WHAT THE TASK REQUIRES »
Over all lines in the data below, count those holding "Local" and give only the result.

DATA FOR PROCESSING »
Lemma client_inv_step seen seen' g l g' d :
  net_inv g -> stp g l g' -> (forall rid v, seen rid v -> seen' rid v) ->
  seen' (c_rid (cli g' d)) (lastview g') -> client_inv seen g d -> client_inv seen' g' d.
Proof.
move=> inv st mono seen_now; case: (client_step_cases d st).
- rewrite /client_inv => same; rewrite same in seen_now *.
  case: (c_status _) => // o ph wr coll [ok inv_d]; split=> //.
  case: inv_d => [/mono | lt | /(blocked_step st)]; [by constructor 1 | | by constructor 3].
  have /andP[_ le_lv] := lastview_step st.
  case: (ltngtP (lastview g') (c_view (cli g d))) => [lt' | gt' | eq']; last 1 first.
  + by constructor 1; rewrite -eq'.
  + by constructor 2.
  + by move: (leq_trans gt' le_lv); rewrite ltnS leqNgt lt.
- move=> [new_rid [o [ph [wr busy]]]] _.
  exact: client_inv_phase_start (net_inv_step inv st) busy (no_reply_new_rid inv st new_rid) seen_now.
- by move=> [_ idle] _; rewrite /client_inv idle.
- move=> [o [ph [wr [coll [t [wt [r [busy eq' t_rep]]]]]]]].
  rewrite /client_inv eq' busy /= => -[ok inv_d].
  have [_ wt_le _] := rep_msg_ok inv t_rep.
  split; first exact: coll_ok_collect.
  case: inv_d => [/mono | lt | blk]; first by constructor 1.
    by move: (reply_view_le_lastview inv t_rep); rewrite leqNgt lt.
  by constructor 3; apply: blocked_step st (blocked_collect blk t_rep).
Qed.

Lemma phase_done_inv g c ph rid v g' : stp g (LPhaseDone n c ph rid v) g' ->
  exists o ph' wr coll t wt r,
   [/\ c_status (cli g c) = Busy o ph' wr coll, rid = c_rid (cli g c), v = c_view (cli g c),
       List.In (MRep c t rid v wt r) (net g) & half_n R n < coll_weight (collect_reply t wt r coll)].
Proof.
move=> st; inversion st; subst; do 7 eexists; split; try eassumption; try done.
all: by apply: In_of_split; eassumption.
Qed.

Lemma phase_done_seen seen g c ph rid v g' :
  net_inv g -> client_inv seen g c -> stp g (LPhaseDone n c ph rid v) g' -> seen rid v.
Proof.
move=> inv + /phase_done_inv[o [ph' [wr [coll [t [wt [r [busy -> -> t_rep heavy]]]]]]]].
rewrite /client_inv busy => -[ok [// | lt | blk]].
  by move: (reply_view_le_lastview inv t_rep); rewrite leqNgt lt.
have [_ wt_le _] := rep_msg_ok inv t_rep.
have := blocked_coll_weight (coll_ok_collect r ok wt_le) (blocked_collect blk t_rep).
by rewrite leNgt heavy.
Qed.
End Invariants.

Definition seen_upto (R : realFieldType) n (ex : nat -> gstate R n) i d rid v : Prop :=
  exists m, (m <= i)%N /\ c_rid (cli (ex m) d) = rid /\ lastview (ex m) = v.

Lemma execution_inv (R : realFieldType) n f (W : view -> 'I_n -> R) ex lab k :
  (forall v t, 0 <= W v t) -> execution f W ex lab k -> forall i, (i <= k)%N ->
  net_inv W (ex i) /\ forall d, client_inv W (seen_upto ex i d) (ex i) d.
Proof.
move=> W_ge0 [ex0 steps]; elim=> [_ | i IH lt_ik].
  by rewrite ex0; split=> [|d]; [exact: net_inv_init | rewrite /client_inv].
have [inv cinv] := IH (ltnW lt_ik); have st := steps i lt_ik.
split=> [|d]; first exact: (net_inv_step W_ge0 inv st).
apply: (client_inv_step W_ge0 inv st _ _ (cinv d)); last by exists i.+1.
by move=> rid v [m [le_mi seen_m]]; exists m; split=> //; apply: leqW.
Qed.

Theorem lemma8 (R : realFieldType) (n f : nat) (W : view -> 'I_n -> R)
  (hfn : (2 * f + 1 <= n)%N)
  (hWlo : forall v s, n%:R < W v s * (2 * (n - f))%:R)
  (hWhi : forall v s, W v s * (2 * f)%:R < n%:R)
  (hWsum : forall v, \sum_(s < n) W v s <= n%:R)
  (ex : nat -> gstate R n) (lab : nat -> label n) (k : nat) :
  execution f W ex lab k ->
  forall (j : nat) (c : client) (ph : phase) (rid : nat) (v : view),
    (j < k)%N -> lab j = LPhaseDone n c ph rid v ->
    exists m : nat, (m <= j)%N /\ c_rid (cli (ex m) c) = rid /\ lastview (ex m) = v.
Proof.
move=> exe j c ph rid v lt_jk lab_j.
(* of the weight bounds, only nonnegativity and the bound on the total weight matter *)
have W_ge0 w s : 0 <= W w s.
  by have := hWlo w s; have := ler0n R (2 * (n - f)); have := ler0n R n; nra.
have [inv cinv] := execution_inv W_ge0 exe (ltnW lt_jk).
have st := exe.2 j lt_jk; rewrite lab_j in st.
exact: (phase_done_seen W_ge0 hWsum inv (cinv c) st).
Qed.
Lemma coef_grading p d :
  (grading p)`_d = \sum_(m <- msupp p) (if outdeg m == d then p@_m else 0) *: 'X_[m].
Proof.
rewrite /grading /mmap coef_sum; apply: eq_bigr => m _.
rewrite (grading_monomial m) /= mulrA -rmorphM coefMXn coefC mul_mpolyC.
case: (ltngtP d (outdeg m)) => [_|lt_m|->]; rewrite ?scale0r ?subnn ?eqxx //.
by rewrite subn_eq0 leqNgt lt_m.
Qed.

Lemma mcoeff_grading p d e :
  ((grading p)`_d)@_e = if outdeg e == d then p@_e else 0.
Proof.
rewrite coef_grading mcoeff_sumZX ?msupp_uniq //.
by case: (boolP (e \in msupp p)) => // /memN_msupp_eq0 ->; case: ifP.
Qed.

Lemma msupp_grading p d e :
  e \in msupp ((grading p)`_d) -> e \in msupp p /\ outdeg e = d.
Proof.
rewrite !mcoeff_msupp mcoeff_grading.
by case: (outdeg e =P d) => [-> | _]; rewrite ?eqxx.
Qed.

Lemma grading_msupp_neq0 p e : e \in msupp p -> (grading p)`_(outdeg e) != 0.
Proof.
rewrite mcoeff_msupp; apply: contra_neq => /(congr1 (mcoeff e)).
by rewrite mcoeff_grading eqxx mcoeff0.
Qed.

Lemma outdeg_eq0 e : (outdeg e == 0%N) = mnm_in F e.
Proof. exact: mdeg_eq0. Qed.

Lemma msuppM_notPF g p : ~ PF F g -> p != 0 ->
  exists a b, [/\ mnm_in F a, b \in msupp p & (a + b)%MM \in msupp (g * p)].
Proof.
move=> Pg p_neq0; have [a ag Fa] := notPF_msupp Pg.
have [d pd_neq0 d_min] := ex_minnP (ex_intro (fun d => (grading p)`_d != 0) _
  (grading_msupp_neq0 (mlead_supp p_neq0))).
have g0_neq0 : (grading g)`_0 != 0.
  by rewrite -(eqP (etrans (outdeg_eq0 a) Fa)); exact: grading_msupp_neq0.
have gpd : (grading (g * p))`_d = (grading g)`_0 * (grading p)`_d.
  rewrite gradingM; apply: coefM_low => i lt_id; apply/eqP/negPn/negP.
  by move=> /d_min; rewrite leqNgt lt_id.
have /mlead_supp e_gpd : (grading (g * p))`_d != 0 by rewrite gpd mulf_neq0.
have [e_gp _] := msupp_grading e_gpd; move: e_gpd e_gp; rewrite gpd.
move=> /msuppM_le /allpairsP[[a' b'] /= [/msupp_grading[_ a'0] + ->]].
move=> /msupp_grading[b'p _].
by exists a', b'; split=> //; rewrite -outdeg_eq0 a'0.
Qed.

Lemma supported_in_cancel G g f : upclosed G ->
  (forall a e, mnm_in F a -> G (a + e)%MM -> G e) ->
  ~ PF F g -> supported_in G (g * f) -> supported_in G f.
Proof.
move=> Gup G_cancel Pg Ggf; have GI := supported_in_is_ideal Gup.
have [f1 [f2 [f_def Gf1 nGf2]]] := mpoly_split_supp G f; rewrite f_def in Ggf *.
have Ggf2 : supported_in G (g * f2).
  have -> : g * f2 = g * (f1 + f2) - g * f1 by rewrite mulrDr addrAC subrr add0r.
  exact: idealB GI Ggf (idealMl g GI Gf1).
have [-> | f2_neq0] := eqVneq f2 0; first by rewrite addr0.
have [a [b [Fa bf2 abgf2]]] := msuppM_notPF Pg f2_neq0.
by case: (nGf2 b bf2); apply: G_cancel Fa (Ggf2 _ abgf2).
Qed.

End Grading.

Section MonomialIdeal.
Variables (I : pset k n) (M : 'X_{1..n} -> Prop).
Hypothesis I_gen : forall f, I f <-> ideal_gen (monomials M) f.

Lemma monomial_ideal_is_ideal : is_ideal I.
Proof.
have [J0 JD JM] := ideal_gen_is_ideal (monomials M); split.
- by apply/I_gen.
- by move=> f g /I_gen If /I_gen Ig; apply/I_gen/JD.
- by move=> r f /I_gen If; apply/I_gen/JM.
Qed.

Lemma component_pow_monomial F t : prime_ideal (@PF k n F) ->
  forall f, component (ideal_pow I t) F f <-> ideal_pow (component I F) t f.
Proof.
move=> PF_prime f; split; last first.
  exact: ideal_pow_component monomial_ideal_is_ideal f.
case=> g [Pg Igf].
pose B a := exists2 m, M m & (mnm_out F m <= a)%MM.
have B_out a : B a -> B (mnm_out F a).
  by case=> m Mm le_ma; exists m; rewrite // -(mnm_out_id F m) lepm_out.
have Bt_gf : supported_in (above_sum B t) (g * f).
  move: Igf; apply: ideal_gen_min.
    exact: supported_in_is_ideal (@upclosed_above_sum _ _).
  move=> _ [a [Ia ->]].
  have Ma j : supported_in (above M) (a j).
    by apply: ideal_gen_monomials_supported; apply/I_gen.
  move=> e /(supported_in_prod Ma); apply: above_sum_mono => b [m Mm le_mb].
  by exists m => //; exact: lepm_trans (mnm_out_le F m) le_mb.
have IF_ideal := component_is_ideal PF_prime monomial_ideal_is_ideal.
have IF_B b : B b -> component I F 'X_[b].
  case=> m Mm le_mb; rewrite -(submK le_mb) mpolyXD; apply: idealMl IF_ideal _.
  by apply: component_X_out; apply/I_gen; apply: mem_ideal_gen; exists m.
apply: (ideal_pow_supported_in IF_ideal IF_B).
apply: supported_in_cancel Pg Bt_gf; first exact: upclosed_above_sum.
move=> a e Fa /(above_sum_out B_out); rewrite mnm_out_inDl // => Bt_e.
exact: upclosed_above_sum Bt_e (mnm_out_le F e).
Qed.
(* Let $\boldsymbol{\lambda}\in\Delta_N$, $\boldsymbol{\nu}=(\nu_1,\dots,\nu_N)\in\mathcal{P}_1(\mathbb{R})^N$, $\theta\in[0,1]$ and $\nu^\theta=\mathrm{VMed}_{\boldsymbol{\lambda}}(\theta,\boldsymbol{\nu})$. If $\nu_1,\dots,\nu_N$ are absolutely continuous with respect to Lebesgue measure with densities $f_1,\dots,f_N\in L^1(\mathbb{R})$, then $\nu^\theta$ is absolutely continuous with a density $f_{\nu^\theta}\in L^1(\mathbb{R})$ satisfying $$\min_{1\le i\le N}f_i\le f_{\nu^\theta}\le\max_{1\le i\le N}f_i\quad\text{a.e. on }\mathbb{R}.$$ In particular, if for some $p\in[1,\infty]$ one has $f_i\in L^p(\mathbb{R})$ for $i=1,\dots,N$, then $f_{\nu^\theta}\in L^p(\mathbb{R})$ and $$\|\min_i f_i\|_{L^p(\mathbb{R})}\le\|f_{\nu^\theta}\|_{L^p(\mathbb{R})}\le\|\max_i f_i\|_{L^p(\mathbb{R})}\le\sum_{i=1}^N\|f_i\|_{L^p(\mathbb{R})}.$$
   Context: $\Delta_N=\{(\lambda_1,\dots,\lambda_N)\in\mathbb{R}_+^N:\sum_i\lambda_i=1\}$; $\mathcal{P}_1(\mathbb{R})$ denotes Borel probability measures on $\mathbb{R}$ with finite first moment. For $\nu\in\mathcal{P}_1(\mathbb{R})$, $F_\nu(x)=\nu((-\infty,x])$ is its cdf. For $\mathbf{x}=(x_1,\dots,x_N)\in\mathbb{R}^N$, the lower and upper weighted medians are $\mathrm{M}^-_{\boldsymbol{\lambda}}(\mathbf{x})=\inf\{y\in\mathbb{R}:\sum_{i:x_i\le y}\lambda_i\ge\frac12\}$ and $\mathrm{M}^+_{\boldsymbol{\lambda}}(\mathbf{x})=\sup\{y\in\mathbb{R}:\sum_{i:x_i<y}\lambda_i\le\frac12\}$. Set $F^\pm(x)=\mathrm{M}^\pm_{\boldsymbol{\lambda}}(F_{\nu_1}(x),\dots,F_{\nu_N}(x))$ and $F_\theta=(1-\theta)F^-+\theta F^+$; $F_\theta$ is the cdf of a probability measure in $\mathcal{P}_1(\mathbb{R})$, which is denoted $\mathrm{VMed}_{\boldsymbol{\lambda}}(\theta,\boldsymbol{\nu})$ (vertical median selection). *)

From HB Require Import structures.
From mathcomp Require Import all_boot all_order all_algebra.
From mathcomp Require Import all_classical all_reals all_analysis.
Set Implicit Arguments. Unset Strict Implicit. Unset Printing Implicit Defensive.
Import Order.TTheory GRing.Theory Num.Theory.
Local Open Scope classical_set_scope.
Local Open Scope ring_scope.

(* Cumulative distribution function F_nu(x) = nu((-oo, x]) of a
   (probability) measure on R.  For a probability measure the value is
   finite, so [fine] is harmless. *)
Definition mcdf (R : realType) (nu : set R -> \bar R) (x : R) : R :=
  fine (nu [set` `]-oo, x]]).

TASK SOLUTION »
2